>>>

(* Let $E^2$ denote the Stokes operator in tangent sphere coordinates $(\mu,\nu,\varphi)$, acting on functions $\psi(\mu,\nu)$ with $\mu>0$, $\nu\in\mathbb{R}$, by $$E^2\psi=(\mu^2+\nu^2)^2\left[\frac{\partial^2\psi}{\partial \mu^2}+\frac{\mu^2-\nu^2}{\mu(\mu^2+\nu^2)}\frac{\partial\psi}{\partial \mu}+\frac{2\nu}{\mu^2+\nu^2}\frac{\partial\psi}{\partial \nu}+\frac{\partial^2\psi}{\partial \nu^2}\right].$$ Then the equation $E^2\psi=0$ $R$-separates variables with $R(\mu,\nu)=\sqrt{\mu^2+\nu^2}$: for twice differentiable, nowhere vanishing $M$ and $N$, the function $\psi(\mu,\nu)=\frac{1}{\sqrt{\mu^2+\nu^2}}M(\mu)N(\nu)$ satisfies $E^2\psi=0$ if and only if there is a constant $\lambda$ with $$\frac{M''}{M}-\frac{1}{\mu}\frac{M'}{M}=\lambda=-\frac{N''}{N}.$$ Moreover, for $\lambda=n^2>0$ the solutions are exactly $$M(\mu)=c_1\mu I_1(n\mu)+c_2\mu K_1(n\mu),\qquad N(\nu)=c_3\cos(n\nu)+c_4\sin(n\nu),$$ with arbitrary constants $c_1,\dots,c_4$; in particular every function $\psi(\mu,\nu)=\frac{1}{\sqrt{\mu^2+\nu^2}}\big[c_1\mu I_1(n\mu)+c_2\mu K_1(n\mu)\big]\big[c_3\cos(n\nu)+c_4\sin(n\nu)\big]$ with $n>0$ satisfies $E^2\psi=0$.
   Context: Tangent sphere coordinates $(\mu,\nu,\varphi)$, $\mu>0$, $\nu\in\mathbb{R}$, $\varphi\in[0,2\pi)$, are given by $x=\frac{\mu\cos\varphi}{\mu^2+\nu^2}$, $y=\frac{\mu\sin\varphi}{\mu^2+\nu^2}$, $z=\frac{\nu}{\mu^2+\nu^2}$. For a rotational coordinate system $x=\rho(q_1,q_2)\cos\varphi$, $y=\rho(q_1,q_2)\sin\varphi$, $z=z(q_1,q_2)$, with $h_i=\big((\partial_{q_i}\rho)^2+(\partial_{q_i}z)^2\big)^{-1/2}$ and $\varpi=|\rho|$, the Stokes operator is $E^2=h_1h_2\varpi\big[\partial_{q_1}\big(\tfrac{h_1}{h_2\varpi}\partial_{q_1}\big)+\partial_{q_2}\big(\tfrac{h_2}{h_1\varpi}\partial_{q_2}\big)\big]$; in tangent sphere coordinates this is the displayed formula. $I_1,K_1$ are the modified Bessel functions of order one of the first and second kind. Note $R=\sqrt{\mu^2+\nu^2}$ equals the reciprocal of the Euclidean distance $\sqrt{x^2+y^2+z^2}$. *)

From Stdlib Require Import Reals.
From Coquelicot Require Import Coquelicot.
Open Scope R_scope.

<<<
>>>

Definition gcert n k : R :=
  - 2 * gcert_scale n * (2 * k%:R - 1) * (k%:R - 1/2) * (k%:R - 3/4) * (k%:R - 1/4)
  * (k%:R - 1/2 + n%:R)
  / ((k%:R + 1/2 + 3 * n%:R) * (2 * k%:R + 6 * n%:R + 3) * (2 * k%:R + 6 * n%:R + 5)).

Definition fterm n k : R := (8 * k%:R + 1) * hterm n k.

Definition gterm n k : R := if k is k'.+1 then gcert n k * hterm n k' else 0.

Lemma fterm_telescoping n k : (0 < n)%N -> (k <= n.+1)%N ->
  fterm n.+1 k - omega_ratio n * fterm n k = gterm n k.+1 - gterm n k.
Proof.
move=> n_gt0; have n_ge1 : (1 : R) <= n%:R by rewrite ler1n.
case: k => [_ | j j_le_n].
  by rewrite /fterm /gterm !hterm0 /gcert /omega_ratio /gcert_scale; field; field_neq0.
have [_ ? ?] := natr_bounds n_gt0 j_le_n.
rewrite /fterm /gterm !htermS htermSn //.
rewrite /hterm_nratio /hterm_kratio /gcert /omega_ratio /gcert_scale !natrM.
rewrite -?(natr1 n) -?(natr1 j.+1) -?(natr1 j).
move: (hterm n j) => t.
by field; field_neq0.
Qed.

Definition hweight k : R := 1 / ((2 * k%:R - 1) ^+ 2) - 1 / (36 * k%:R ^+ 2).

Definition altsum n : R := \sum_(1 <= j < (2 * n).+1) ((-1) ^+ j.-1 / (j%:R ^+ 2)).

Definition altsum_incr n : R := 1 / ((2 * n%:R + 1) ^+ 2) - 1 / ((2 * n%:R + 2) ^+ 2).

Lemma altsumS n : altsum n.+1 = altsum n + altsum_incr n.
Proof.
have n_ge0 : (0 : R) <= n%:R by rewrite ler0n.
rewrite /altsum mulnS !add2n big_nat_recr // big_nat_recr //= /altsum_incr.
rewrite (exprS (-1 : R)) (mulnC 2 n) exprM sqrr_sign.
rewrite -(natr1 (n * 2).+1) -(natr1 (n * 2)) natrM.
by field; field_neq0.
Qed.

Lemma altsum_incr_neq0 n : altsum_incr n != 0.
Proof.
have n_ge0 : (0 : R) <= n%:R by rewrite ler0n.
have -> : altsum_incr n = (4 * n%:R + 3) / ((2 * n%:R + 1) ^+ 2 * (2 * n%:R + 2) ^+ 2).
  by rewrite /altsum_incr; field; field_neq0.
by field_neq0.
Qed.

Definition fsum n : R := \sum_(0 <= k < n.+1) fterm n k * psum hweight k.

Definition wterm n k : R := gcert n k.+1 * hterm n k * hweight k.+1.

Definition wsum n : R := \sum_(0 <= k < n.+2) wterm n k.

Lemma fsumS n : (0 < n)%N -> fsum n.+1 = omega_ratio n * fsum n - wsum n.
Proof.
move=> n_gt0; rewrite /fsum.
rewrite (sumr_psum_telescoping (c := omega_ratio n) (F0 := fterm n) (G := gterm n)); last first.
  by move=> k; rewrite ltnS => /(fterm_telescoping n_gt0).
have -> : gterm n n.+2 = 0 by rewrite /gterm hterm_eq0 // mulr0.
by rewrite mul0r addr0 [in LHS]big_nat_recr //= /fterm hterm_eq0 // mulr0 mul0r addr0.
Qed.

<<<
>>>

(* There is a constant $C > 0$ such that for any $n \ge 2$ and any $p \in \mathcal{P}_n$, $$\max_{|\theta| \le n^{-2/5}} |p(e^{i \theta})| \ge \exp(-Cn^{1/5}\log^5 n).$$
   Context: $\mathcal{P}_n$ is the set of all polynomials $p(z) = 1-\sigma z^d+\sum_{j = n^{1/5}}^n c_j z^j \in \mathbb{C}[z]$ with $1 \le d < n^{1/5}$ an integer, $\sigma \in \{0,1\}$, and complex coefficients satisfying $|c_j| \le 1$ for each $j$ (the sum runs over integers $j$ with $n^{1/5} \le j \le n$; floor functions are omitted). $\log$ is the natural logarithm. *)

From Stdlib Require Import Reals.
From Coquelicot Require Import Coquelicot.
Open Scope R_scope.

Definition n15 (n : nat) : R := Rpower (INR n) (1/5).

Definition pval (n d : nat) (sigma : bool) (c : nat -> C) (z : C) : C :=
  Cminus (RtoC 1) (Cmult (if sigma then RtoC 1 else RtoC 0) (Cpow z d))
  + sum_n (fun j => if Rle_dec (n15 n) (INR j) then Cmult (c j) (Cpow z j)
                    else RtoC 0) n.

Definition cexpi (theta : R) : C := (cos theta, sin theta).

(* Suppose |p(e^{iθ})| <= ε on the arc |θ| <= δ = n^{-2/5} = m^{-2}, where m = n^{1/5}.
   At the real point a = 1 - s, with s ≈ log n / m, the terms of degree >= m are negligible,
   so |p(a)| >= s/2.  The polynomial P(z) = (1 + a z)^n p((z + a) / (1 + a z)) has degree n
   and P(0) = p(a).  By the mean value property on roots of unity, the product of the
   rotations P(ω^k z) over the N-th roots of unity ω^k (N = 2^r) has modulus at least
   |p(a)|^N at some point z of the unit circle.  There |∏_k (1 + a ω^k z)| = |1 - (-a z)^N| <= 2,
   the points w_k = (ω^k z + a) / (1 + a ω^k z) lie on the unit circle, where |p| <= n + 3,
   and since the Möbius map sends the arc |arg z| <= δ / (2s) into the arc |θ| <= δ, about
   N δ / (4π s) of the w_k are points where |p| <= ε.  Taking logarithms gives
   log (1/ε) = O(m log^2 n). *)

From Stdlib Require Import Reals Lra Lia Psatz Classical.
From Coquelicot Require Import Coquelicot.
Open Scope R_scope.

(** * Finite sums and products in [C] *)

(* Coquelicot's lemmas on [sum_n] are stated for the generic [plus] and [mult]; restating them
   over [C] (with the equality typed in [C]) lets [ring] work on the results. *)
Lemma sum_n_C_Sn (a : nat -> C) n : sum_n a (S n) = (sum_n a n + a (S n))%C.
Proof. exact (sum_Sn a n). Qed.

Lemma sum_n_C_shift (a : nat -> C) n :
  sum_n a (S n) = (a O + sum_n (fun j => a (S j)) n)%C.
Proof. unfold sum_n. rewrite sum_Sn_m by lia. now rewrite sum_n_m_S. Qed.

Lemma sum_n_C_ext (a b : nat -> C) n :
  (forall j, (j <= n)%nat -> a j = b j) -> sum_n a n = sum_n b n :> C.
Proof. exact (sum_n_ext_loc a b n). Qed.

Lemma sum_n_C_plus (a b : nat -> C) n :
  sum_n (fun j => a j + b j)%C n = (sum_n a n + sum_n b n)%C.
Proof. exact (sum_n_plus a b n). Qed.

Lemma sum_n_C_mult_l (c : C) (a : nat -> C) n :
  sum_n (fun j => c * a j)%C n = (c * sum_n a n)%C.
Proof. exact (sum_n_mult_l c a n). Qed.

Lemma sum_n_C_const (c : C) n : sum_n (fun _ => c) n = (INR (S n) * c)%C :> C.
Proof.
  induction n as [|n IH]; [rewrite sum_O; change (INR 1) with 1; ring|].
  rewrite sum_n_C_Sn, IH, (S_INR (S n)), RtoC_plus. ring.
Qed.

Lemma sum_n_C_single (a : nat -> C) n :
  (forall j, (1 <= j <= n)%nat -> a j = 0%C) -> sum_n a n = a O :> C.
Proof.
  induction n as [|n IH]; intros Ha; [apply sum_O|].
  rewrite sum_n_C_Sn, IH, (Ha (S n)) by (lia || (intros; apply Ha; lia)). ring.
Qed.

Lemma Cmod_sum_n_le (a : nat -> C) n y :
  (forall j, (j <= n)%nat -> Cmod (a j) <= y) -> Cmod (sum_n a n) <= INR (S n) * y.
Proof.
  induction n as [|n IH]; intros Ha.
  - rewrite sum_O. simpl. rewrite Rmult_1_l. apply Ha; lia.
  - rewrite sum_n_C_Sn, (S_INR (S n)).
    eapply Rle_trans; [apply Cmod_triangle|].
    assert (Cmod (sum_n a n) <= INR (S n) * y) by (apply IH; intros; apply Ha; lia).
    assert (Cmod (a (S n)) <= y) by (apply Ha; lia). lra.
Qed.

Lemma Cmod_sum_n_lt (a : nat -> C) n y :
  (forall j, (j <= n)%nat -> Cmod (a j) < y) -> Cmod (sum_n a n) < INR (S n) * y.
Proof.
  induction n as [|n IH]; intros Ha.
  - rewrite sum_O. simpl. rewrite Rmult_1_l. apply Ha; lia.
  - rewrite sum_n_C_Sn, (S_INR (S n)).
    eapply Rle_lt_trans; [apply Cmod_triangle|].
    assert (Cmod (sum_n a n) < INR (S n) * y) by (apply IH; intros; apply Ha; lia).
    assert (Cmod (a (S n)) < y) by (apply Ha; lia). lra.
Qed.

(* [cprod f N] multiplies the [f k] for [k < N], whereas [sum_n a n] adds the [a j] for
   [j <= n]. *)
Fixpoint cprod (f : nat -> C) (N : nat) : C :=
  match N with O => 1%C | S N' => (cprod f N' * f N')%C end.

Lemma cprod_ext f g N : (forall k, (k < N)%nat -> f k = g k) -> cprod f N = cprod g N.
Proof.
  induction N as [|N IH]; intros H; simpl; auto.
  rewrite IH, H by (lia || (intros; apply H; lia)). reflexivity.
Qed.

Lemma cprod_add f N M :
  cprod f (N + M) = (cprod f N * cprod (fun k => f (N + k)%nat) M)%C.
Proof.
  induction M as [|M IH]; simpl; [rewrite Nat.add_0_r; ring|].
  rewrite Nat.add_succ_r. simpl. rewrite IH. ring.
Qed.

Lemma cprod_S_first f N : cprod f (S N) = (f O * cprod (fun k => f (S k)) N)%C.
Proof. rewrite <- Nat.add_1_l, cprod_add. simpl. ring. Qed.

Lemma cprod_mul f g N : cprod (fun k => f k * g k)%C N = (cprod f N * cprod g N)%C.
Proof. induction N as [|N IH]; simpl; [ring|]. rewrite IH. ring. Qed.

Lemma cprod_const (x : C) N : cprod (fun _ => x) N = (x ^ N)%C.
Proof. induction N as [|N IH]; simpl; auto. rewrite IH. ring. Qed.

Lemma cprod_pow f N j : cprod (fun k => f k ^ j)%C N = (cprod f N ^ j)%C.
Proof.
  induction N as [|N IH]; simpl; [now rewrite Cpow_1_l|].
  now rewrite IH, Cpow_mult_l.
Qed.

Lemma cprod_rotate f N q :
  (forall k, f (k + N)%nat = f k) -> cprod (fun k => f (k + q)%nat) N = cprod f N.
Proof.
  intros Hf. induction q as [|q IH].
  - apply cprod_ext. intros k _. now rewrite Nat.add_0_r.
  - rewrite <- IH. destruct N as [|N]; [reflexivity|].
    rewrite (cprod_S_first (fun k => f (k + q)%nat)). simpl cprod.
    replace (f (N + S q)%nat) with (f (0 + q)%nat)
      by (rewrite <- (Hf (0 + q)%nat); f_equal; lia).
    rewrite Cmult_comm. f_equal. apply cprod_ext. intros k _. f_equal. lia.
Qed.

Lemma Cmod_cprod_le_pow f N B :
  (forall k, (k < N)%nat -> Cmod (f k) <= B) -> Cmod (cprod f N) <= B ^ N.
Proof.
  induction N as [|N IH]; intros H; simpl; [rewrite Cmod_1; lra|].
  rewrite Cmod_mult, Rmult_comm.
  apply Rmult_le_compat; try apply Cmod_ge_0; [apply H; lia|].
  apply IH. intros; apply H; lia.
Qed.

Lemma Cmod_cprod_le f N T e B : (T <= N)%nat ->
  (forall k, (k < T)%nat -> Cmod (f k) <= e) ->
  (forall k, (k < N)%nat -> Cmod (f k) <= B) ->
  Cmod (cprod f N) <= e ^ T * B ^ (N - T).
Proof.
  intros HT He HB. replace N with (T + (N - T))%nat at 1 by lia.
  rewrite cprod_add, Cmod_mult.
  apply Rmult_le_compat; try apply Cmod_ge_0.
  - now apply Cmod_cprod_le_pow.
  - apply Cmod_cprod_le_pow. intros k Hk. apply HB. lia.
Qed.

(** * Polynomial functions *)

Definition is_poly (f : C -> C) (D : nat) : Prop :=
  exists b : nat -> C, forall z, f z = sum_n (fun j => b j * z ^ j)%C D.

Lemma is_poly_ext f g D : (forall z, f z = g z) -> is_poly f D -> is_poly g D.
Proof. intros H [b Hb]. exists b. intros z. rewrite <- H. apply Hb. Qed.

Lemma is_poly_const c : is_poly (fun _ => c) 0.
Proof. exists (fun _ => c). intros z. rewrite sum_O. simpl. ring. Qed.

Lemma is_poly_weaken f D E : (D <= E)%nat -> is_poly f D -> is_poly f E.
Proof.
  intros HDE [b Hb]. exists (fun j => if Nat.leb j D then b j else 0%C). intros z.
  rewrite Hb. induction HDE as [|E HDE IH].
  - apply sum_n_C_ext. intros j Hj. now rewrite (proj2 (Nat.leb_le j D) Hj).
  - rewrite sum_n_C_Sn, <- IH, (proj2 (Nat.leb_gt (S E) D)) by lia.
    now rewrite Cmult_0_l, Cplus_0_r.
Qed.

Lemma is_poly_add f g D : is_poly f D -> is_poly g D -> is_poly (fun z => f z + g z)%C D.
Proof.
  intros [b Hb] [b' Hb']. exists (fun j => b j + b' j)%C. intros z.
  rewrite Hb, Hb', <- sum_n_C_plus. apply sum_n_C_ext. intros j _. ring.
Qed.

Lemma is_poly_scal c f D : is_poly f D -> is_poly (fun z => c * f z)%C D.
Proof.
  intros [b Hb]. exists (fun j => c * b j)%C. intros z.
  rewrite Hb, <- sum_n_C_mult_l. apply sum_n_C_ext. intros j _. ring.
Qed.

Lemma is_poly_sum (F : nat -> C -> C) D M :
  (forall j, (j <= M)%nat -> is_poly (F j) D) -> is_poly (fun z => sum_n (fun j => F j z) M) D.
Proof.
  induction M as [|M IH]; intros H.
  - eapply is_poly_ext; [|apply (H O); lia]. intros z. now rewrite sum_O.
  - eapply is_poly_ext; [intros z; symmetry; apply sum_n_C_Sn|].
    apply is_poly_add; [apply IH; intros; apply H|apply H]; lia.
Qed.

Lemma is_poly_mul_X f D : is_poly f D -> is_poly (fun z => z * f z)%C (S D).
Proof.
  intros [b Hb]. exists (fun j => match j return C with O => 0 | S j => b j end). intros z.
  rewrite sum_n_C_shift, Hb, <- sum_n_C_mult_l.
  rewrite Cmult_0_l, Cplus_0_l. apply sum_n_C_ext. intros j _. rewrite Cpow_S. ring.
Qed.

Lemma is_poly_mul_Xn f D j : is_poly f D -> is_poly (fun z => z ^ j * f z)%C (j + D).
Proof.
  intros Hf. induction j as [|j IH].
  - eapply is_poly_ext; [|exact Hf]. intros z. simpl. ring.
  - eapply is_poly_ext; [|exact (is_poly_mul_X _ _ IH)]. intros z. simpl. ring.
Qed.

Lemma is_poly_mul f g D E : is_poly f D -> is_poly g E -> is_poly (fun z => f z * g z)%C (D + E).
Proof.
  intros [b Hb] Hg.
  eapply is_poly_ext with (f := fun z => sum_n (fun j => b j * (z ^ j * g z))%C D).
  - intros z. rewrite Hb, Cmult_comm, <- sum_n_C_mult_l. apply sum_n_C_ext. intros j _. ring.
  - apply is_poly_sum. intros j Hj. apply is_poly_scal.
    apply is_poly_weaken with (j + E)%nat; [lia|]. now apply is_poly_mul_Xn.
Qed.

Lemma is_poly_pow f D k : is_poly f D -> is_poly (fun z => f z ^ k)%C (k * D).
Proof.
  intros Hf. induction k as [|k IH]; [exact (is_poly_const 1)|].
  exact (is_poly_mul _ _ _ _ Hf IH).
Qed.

<<<

**WORK TASK**
In the listing above, locate the line containing "induction N as [|N IH]; simpl; [now" and the line containing "Lemma is_poly_ext f", then transcribe both and every line between them verbatim.

**ANSWER FOR THE TASK**
  induction N as [|N IH]; simpl; [now rewrite Cpow_1_l|].
  now rewrite IH, Cpow_mult_l.
Qed.

Lemma cprod_rotate f N q :
  (forall k, f (k + N)%nat = f k) -> cprod (fun k => f (k + q)%nat) N = cprod f N.
Proof.
  intros Hf. induction q as [|q IH].
  - apply cprod_ext. intros k _. now rewrite Nat.add_0_r.
  - rewrite <- IH. destruct N as [|N]; [reflexivity|].
    rewrite (cprod_S_first (fun k => f (k + q)%nat)). simpl cprod.
    replace (f (N + S q)%nat) with (f (0 + q)%nat)
      by (rewrite <- (Hf (0 + q)%nat); f_equal; lia).
    rewrite Cmult_comm. f_equal. apply cprod_ext. intros k _. f_equal. lia.
Qed.

Lemma Cmod_cprod_le_pow f N B :
  (forall k, (k < N)%nat -> Cmod (f k) <= B) -> Cmod (cprod f N) <= B ^ N.
Proof.
  induction N as [|N IH]; intros H; simpl; [rewrite Cmod_1; lra|].
  rewrite Cmod_mult, Rmult_comm.
  apply Rmult_le_compat; try apply Cmod_ge_0; [apply H; lia|].
  apply IH. intros; apply H; lia.
Qed.

Lemma Cmod_cprod_le f N T e B : (T <= N)%nat ->
  (forall k, (k < T)%nat -> Cmod (f k) <= e) ->
  (forall k, (k < N)%nat -> Cmod (f k) <= B) ->
  Cmod (cprod f N) <= e ^ T * B ^ (N - T).
Proof.
  intros HT He HB. replace N with (T + (N - T))%nat at 1 by lia.
  rewrite cprod_add, Cmod_mult.
  apply Rmult_le_compat; try apply Cmod_ge_0.
  - now apply Cmod_cprod_le_pow.
  - apply Cmod_cprod_le_pow. intros k Hk. apply HB. lia.
Qed.

(** * Polynomial functions *)

Definition is_poly (f : C -> C) (D : nat) : Prop :=
  exists b : nat -> C, forall z, f z = sum_n (fun j => b j * z ^ j)%C D.

Lemma is_poly_ext f g D : (forall z, f z = g z) -> is_poly f D -> is_poly g D.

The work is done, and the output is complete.